A coronavirus testing centre was reportedly closed to make way for a post-Brexit lorry park.
Tests at Ebbsfleet International car park began in April but staff were told ‘out of the blue’ earlier this month that the centre was closing, KentOnline reports.
A leaked letter allegedly from Kent County Council stated: ‘We have … been notified that the Ebbsfleet testing centre has closed, as the site is required by HMRC for EU Exit.’
It is understood the station car park will be used for customs checks of cross-Channel lorries after the Brexit transition period ends on December 31.
A Government spokesman said: ‘Regional testing sites were set up at great speed and selected for their immediate availability, security and access.
‘The regional testing site at Ebbsfleet has ceased operations and a new regional testing site is operating at Curtis Way, Rochester. The relocation will allow the network to continue operating as long as needed.
‘In July 2020, the Government committed to spending £470 million on new border infrastructure to support ports in building extra capacity to meet the new control requirements where there is space to do so, and, if necessary, to build additional inland sites across the country where checks can take place.
‘Final decisions on inland sites will not be made until we have established the extent of new infrastructure that will be delivered at ports.’

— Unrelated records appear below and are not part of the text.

(* Let $K$ be a field of characteristic zero, $K'\subseteq K$ a subfield, $R=K[x_1,\ldots,x_n]$ and $R'=K'[x_1,\ldots,x_n]$ (standard grading). Let $J\subset R'$ be a graded ideal with $R'/J$ Artinian and having the strong Lefschetz property. Let $\{\xi_{ij}: 1\le i\le m,\ 1\le j\le n\}\subset K$ be algebraically independent over $K'$, and put $L_i=\xi_{i1}x_1+\cdots+\xi_{in}x_n\in R$ for $1\le i\le m$. Then for all positive integers $d_1,\ldots,d_m$, the algebra $$A=R/\big(JR : L_1^{d_1}L_2^{d_2}\cdots L_m^{d_m}\big)$$ has the strong Lefschetz property.
   Context: For an ideal $I$ and element $f$, $I:f=\{g : gf\in I\}$. A standard graded Artinian $k$-algebra ($k$ a field) is $A=\bigoplus_{i=0}^c A_i$ with $A_0=k$, generated by $A_1$, finite-dimensional, and $A_c\neq 0$. $A$ has the strong Lefschetz property (SLP) if there exists a linear form $z\in A_1$ such that the multiplication map $\times z^d: A_i\to A_{i+d}$ has full rank (i.e. is injective or surjective) for all $1\le d\le c-1$ and $0\le i\le c-d$; such $z$ is called a strong Lefschetz (SL) element. *)

From HB Require Import structures.
From mathcomp Require Import all_boot all_order all_algebra.
From mathcomp Require Import mpoly.
Set Implicit Arguments.
Unset Strict Implicit.
Unset Printing Implicit Defensive.
Import GRing.Theory.
Local Open Scope ring_scope.

Definition is_ideal (n : nat) (F : comNzRingType) (I : {mpoly F[n]} -> Prop) : Prop :=
  [/\ I 0,
      (forall p q, I p -> I q -> I (p + q)) &
      (forall r p, I p -> I (r * p))].

Definition is_graded (n : nat) (F : comNzRingType) (I : {mpoly F[n]} -> Prop) : Prop :=
  forall p (d : nat), I p -> I (pihomog mdeg d p).

Definition ext_ideal (n : nat) (K' K : fieldType) (f : {rmorphism K' -> K})
  (J : {mpoly K'[n]} -> Prop) : {mpoly K[n]} -> Prop :=
  fun p => exists s : seq ({mpoly K[n]} * {mpoly K'[n]}),
    (forall x, x \in s -> J x.2) /\
    p = \sum_(x <- s) x.1 * map_mpoly f x.2.

Definition colon (n : nat) (F : comNzRingType) (I : {mpoly F[n]} -> Prop)
  (g : {mpoly F[n]}) : {mpoly F[n]} -> Prop :=
  fun q => I (q * g).

(* For a graded ideal I, the i-th graded piece of A = F[x]/I is
   F[x]_i / I_i.  A_i = 0 iff every homogeneous form of degree i is in I. *)
Definition piece_zero (n : nat) (F : fieldType) (I : {mpoly F[n]} -> Prop)
  (i : nat) : Prop :=
  forall p : {mpoly F[n]}, p \is i.-homog -> I p.
Lemma err_ge0 k s : 0 <= err k s.
Proof. by rewrite subr_ge0 Uit_le_Vfun. Qed.

Lemma err_norm_ge0 k : 0 <= err_norm k.
Proof. exact: supnorm_ge0. Qed.

Lemma err_le_norm k s : err k s <= err_norm k.
Proof.
rewrite -[leLHS]ger0_norm ?err_ge0 // /err distrC.
exact: (ler_supnorm (fun s => U k s - V s)).
Qed.

Lemma err_norm_le k c : 0 <= c -> (forall s, err k s <= c) -> err_norm k <= c.
Proof.
move=> c0 h; apply: supnorm_le => // s.
by rewrite distrC ger0_norm; [apply: h | apply: err_ge0].
Qed.

Lemma errS k s : err k.+1 s = Gam s * \sum_(t : S) P s t * err k t.
Proof.
rewrite /err [U k.+1 s]/= {1}Vfun_Bellman.
under [in RHS]eq_bigr => t _ do rewrite mulrBr.
by rewrite sumrB mulrBr opprD addrACA subrr add0r.
Qed.

Lemma err_negB_R k s : s \in negB_R P B -> err k s = 0.
Proof. by move=> sR; rewrite /err Vfun_negB_R // Uit_negB_R // subrr. Qed.

Lemma avg_err_ge0 k s : 0 <= \sum_(t : S) P s t * err k t.
Proof. by apply: sumr_ge0 => t _; rewrite mulr_ge0 ?err_ge0. Qed.

Lemma errS_le k s : err k.+1 s <= g * err_norm k.
Proof.
rewrite errS; apply: ler_pM; rewrite ?Gam_ge0 ?avg_err_ge0 ?Gam_le_g //.
by apply: avg_le => // t; apply: err_le_norm.
Qed.

Lemma err_normS k : err_norm k.+1 <= err_norm k.
Proof.
apply: err_norm_le => [|s]; first exact: err_norm_ge0.
apply: le_trans (errS_le k s) _.
by rewrite ler_piMl ?err_norm_ge0 ?(le_trans gB_gt0).
Qed.

Lemma err_norm_nonincr k k' : (k <= k')%N -> err_norm k' <= err_norm k.
Proof.
move/subnKC <-; elim: (k' - k)%N => [|n IH]; first by rewrite addn0.
by rewrite addnS; apply: le_trans (err_normS _) IH.
Qed.

Lemma err_norm0 : err_norm 0 = supnorm V.
Proof. by apply: eq_bigr => s _ /=; rewrite sub0r normrN. Qed.

Lemma err_norm_geom k : err_norm k <= g ^+ k * supnorm V.
Proof.
rewrite -err_norm0; elim: k => [|k IH]; first by rewrite mul1r.
have g_ge0 : 0 <= g by rewrite ltW // (lt_trans gB_gt0).
apply: err_norm_le => [|s]; first by rewrite mulr_ge0 ?exprn_ge0 ?supnorm_ge0.
by apply: le_trans (errS_le k s) _; rewrite exprS -mulrA ler_wpM2l.
Qed.

Lemma errS_le_gB k s : s \notin negB_TA P B -> err k.+1 s <= err_norm k * gB.
Proof.
rewrite notin_negB_TA => /orP[sB|sR]; last first.
  by rewrite err_negB_R // mulr_ge0 ?err_norm_ge0 ?ltW.
rewrite errS /Defs.Gam sB mulrC ler_wpM2r ?(ltW gB_gt0) //.
by apply: avg_le => // t; apply: err_le_norm.
Qed.

Section PositiveTransitions.
Variable eps : R.
Hypothesis eps_ge0 : 0 <= eps.
Hypothesis eps_le1 : eps <= 1.
Hypothesis eps_le_P : forall s s', 0 < P s s' -> eps <= P s s'.

Lemma err_reaches_within j k s : reaches_within P B j s ->
  err (k + j).+1 s <= err_norm k * (1 - (1 - gB) * eps ^+ j).
Proof.
have gB1 := gB_lt1.
elim: j k s => [|j IH] k s /=.
  by move=> /errS_le_gB; rewrite addn0 expr0 mulr1 subKr.
have /andP[ej_ge0 ej_le1] : 0 <= eps ^+ j.+1 <= 1 by rewrite exprn_ge0 ?exprn_ile1.
have norm_ge0 := err_norm_ge0 k.
case=> [s_out|[t st rt]].
  apply: le_trans (errS_le_gB _ s_out) (le_trans (_ : _ <= err_norm k * gB) _).
    by rewrite ler_wpM2r ?(ltW gB_gt0) ?err_norm_nonincr ?leq_addr.
  by rewrite ler_wpM2l //; nra.
rewrite addnS errS; apply: le_trans (_ : \sum_u P s u * err (k + j).+1 u <= _).
  by rewrite -[leRHS]mul1r ler_wpM2r ?avg_err_ge0 ?Gam_le1.
have -> : err_norm k * (1 - (1 - gB) * eps ^+ j.+1)
    = err_norm k - eps * (err_norm k * (1 - gB) * eps ^+ j) by rewrite exprS; ring.
apply: (avg_le_gap P_ge0 P_sum1 _ _ _ (eps_le_P st)).
- by move=> u; rewrite (le_trans (err_le_norm _ _)) ?err_norm_nonincr // -addnS leq_addr.
- by rewrite (le_trans (IH k t rt)) // mulrBr mulr1 mulrA.
- by rewrite !mulr_ge0 ?exprn_ge0 // subr_ge0 ltW.
Qed.

Local Notation rate := (1 - (1 - gB) * eps ^+ #|negB_TA P B|).

Lemma rate_ge0 : 0 <= rate.
Proof.
rewrite subr_ge0 -[leRHS]mulr1; apply: ler_pM; rewrite ?exprn_ge0 ?exprn_ile1 //.
  by rewrite subr_ge0 ltW ?gB_lt1.
by rewrite lerBlDr lerDl ltW.
Qed.

Lemma err_norm_block k : err_norm (k + #|negB_TA P B|.+1) <= rate * err_norm k.
Proof.
apply: err_norm_le => [|s]; first by rewrite mulr_ge0 ?rate_ge0 ?err_norm_ge0.
by rewrite addnS mulrC; apply: err_reaches_within; apply: reaches_within_card.
Qed.

Lemma err_norm_blocks k : err_norm k <= rate ^+ (k %/ #|negB_TA P B|.+1) * supnorm V.
Proof.
apply: le_trans (err_norm_nonincr (leq_trunc_div k #|negB_TA P B|.+1)) _.
elim: (k %/ #|negB_TA P B|.+1)%N => [|q IH]; first by rewrite mul0n mul1r err_norm0.
rewrite mulSn addnC exprS -mulrA; apply: le_trans (err_norm_block _) _.
by rewrite ler_wpM2l ?rate_ge0.
Qed.

End PositiveTransitions.
End ValueIteration.

Theorem theorem1 (R : realType) (S : finType) (P : S -> S -> R) (B : {set S})
    (gB g : R) :
  (forall s s', 0 <= P s s') ->
  (forall s, \sum_(s' : S) P s s' = 1) ->
  0 < gB -> gB < g -> g <= 1 ->
  [/\ (forall s, Uit P B gB g k s @[k --> \oo] --> Vfun P B gB g s),
      (g < 1 -> forall k : nat,
         supnorm (fun s => Uit P B gB g k s - Vfun P B gB g s)
           <= g ^+ k * supnorm (Vfun P B gB g))
    & (g = 1 -> forall eps : R, 0 < eps ->
         (forall s s', 0 < P s s' -> eps <= P s s') ->
         forall k : nat,
         supnorm (fun s => Uit P B gB g k s - Vfun P B gB g s)
           <= (1 - (1 - gB) * eps ^+ #|negB_TA P B|) ^+ (k %/ #|negB_TA P B|.+1)
              * supnorm (Vfun P B gB g))].
Proof.
move=> P_ge0 P_sum1 gB_gt0 gB_lt_g g_le1; split.
- by move=> s; apply: Uit_cvg.
- by move=> _ k; apply: err_norm_geom.
move=> _ eps eps_gt0 eps_le_P k.
have [s0 _|S0] := pickP (fun _ : S => true); last first.
  by rewrite /supnorm !big_pred0 // mulr0.
have [t Pst] := exists_pos_transition P_ge0 P_sum1 s0.
have eps_le1 : eps <= 1 by apply: le_trans (eps_le_P _ _ Pst) (P_le1 P_ge0 P_sum1 s0 t).
exact: err_norm_blocks (ltW eps_gt0) eps_le1 eps_le_P k.
Qed.
Lemma alternating_or_sign_poly_free c L ts : sorted <%R ts -> (0 < L)%N ->
  (exists pos, exists2 xs, subseq xs ts & size xs = L /\ alternating c pos xs) \/
  exists2 f : {poly R}, (size f < L)%N & {in ts, forall t, c t != 0 -> 0 < c t * f.[t]}.
Proof.
elim: ts L => [|t ts IH] L ts_sorted L_gt0; first by right; exists 0; rewrite ?size_poly0.
have ts_gt_t : all (fun u => t < u) ts.
  by move: ts_sorted; rewrite /= (path_sortedE lt_trans) => /andP[].
have {}ts_sorted : sorted <%R ts := path_sorted ts_sorted.
have [ct0|ct_neq0] := eqVneq (c t) 0.
  have [[pos [xs xs_sub xs_alt]]|[f f_size f_sg]] := IH L ts_sorted L_gt0.
    by left; exists pos, xs => //; apply: (subseq_trans xs_sub); apply: subseq_cons.
  right; exists f => // u.
  by rewrite inE => /orP[/eqP-> | /f_sg //]; rewrite ct0 eqxx.
have ct_sg : has_sign (0 < c t) (c t).
  by rewrite /has_sign; case: ifP => // /negbT; rewrite -leNgt le_eqVlt (negbTE ct_neq0).
case: L L_gt0 => [//|[_|L _]].
  by left; exists (0 < c t), [:: t]; rewrite /= ?eqxx ?sub0seq ?ct_sg.
have [[xs xs_sub [xs_size xs_alt]]|[g g_size [g_sg g_left]]] :=
  alternating_or_sign_poly c (~~ (0 < c t)) (L := L.+1) ts_sorted ts_gt_t isT.
  by left; exists (0 < c t), (t :: xs); rewrite /= ?eqxx ?xs_size ?ct_sg.
right; exists g => // u; rewrite inE => /orP[/eqP-> _ | /g_sg //].
by apply: has_sign_mul_gt0 ct_sg _; rewrite -[0 < c t]negbK g_left.
Qed.

Lemma moment_dep_alternating c ts : sorted <%R ts -> moment_dep D ts c ->
  has (fun t => c t != 0) ts ->
  exists pos, exists2 xs, subseq xs ts & size xs = D.+2 /\ alternating c pos xs.
Proof.
move=> ts_sorted c_dep /hasP[t t_ts ct_neq0].
have [//|[f f_size f_sg]] := alternating_or_sign_poly_free c (L := D.+2) ts_sorted isT.
exfalso; move: (moment_dep_horner c_dep f_size) => /eqP; apply/negP.
rewrite big_seq_cond psumr_neq0; first by apply/hasP; exists t; rewrite ?t_ts ?f_sg.
move=> u /andP[u_ts _]; have [->|cu_neq0] := eqVneq (c u) 0; first by rewrite mul0r.
exact/ltW/f_sg.
Qed.

Lemma alternating_moment_dep pos xs : sorted <%R xs -> size xs = D.+2 ->
  exists2 d, moment_dep D xs d & alternating d pos xs.
Proof.
move=> xs_sorted xs_size.
have [|d d_dep d_neq0] := exists_moment_dep (D := D) (lt_sorted_uniq xs_sorted).
  by rewrite xs_size.
have [pos' [ys ys_sub [ys_size ys_alt]]] := moment_dep_alternating xs_sorted d_dep d_neq0.
have ys_xs : ys = xs by apply/eqP; rewrite -(size_subseq_leqif ys_sub).2 ys_size xs_size.
rewrite {}ys_xs in ys_alt.
have [<-|/negPf pos'_neq] := eqVneq pos' pos; first by exists d.
exists (fun t => - d t).
  by move=> j j_le; under eq_bigr do rewrite mulNr; rewrite sumrN d_dep ?oppr0.
by rewrite -[pos]negbK alternatingN; case: pos pos' pos'_neq ys_alt => [] [].
Qed.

Eurostar announced earlier this month that its trains will not resume serving Ebbsfleet International until 2022 due to the collapse in demand caused by the pandemic.
Meanwhile the Government has admitted it is preparing for the ‘reasonable worst case’ scenario for next year as a leaked report warned of queues of 7,000 lorries in Kent and significant delays to cross into the EU.
A confidential document prepared by the Cabinet Office’s Border and Protocol Delivery Group, and seen by The Guardian, also predicts thousands of passengers could have to wait an additional two hours for Eurostar trains.
A Cabinet Office spokeswoman said in a statement the Government was using a ‘stretching scenario’ as opposed to a prediction.
Leading union Unite warned on Monday that Britain’s ports would be plunged into ‘chaos and confusion’ in the new year unless customs systems and lorry parks are completed.
The union said lorry drivers feared the complex computer software to deal with customs would not be ready by December 31, adding most of the planned lorry parks were still to be built.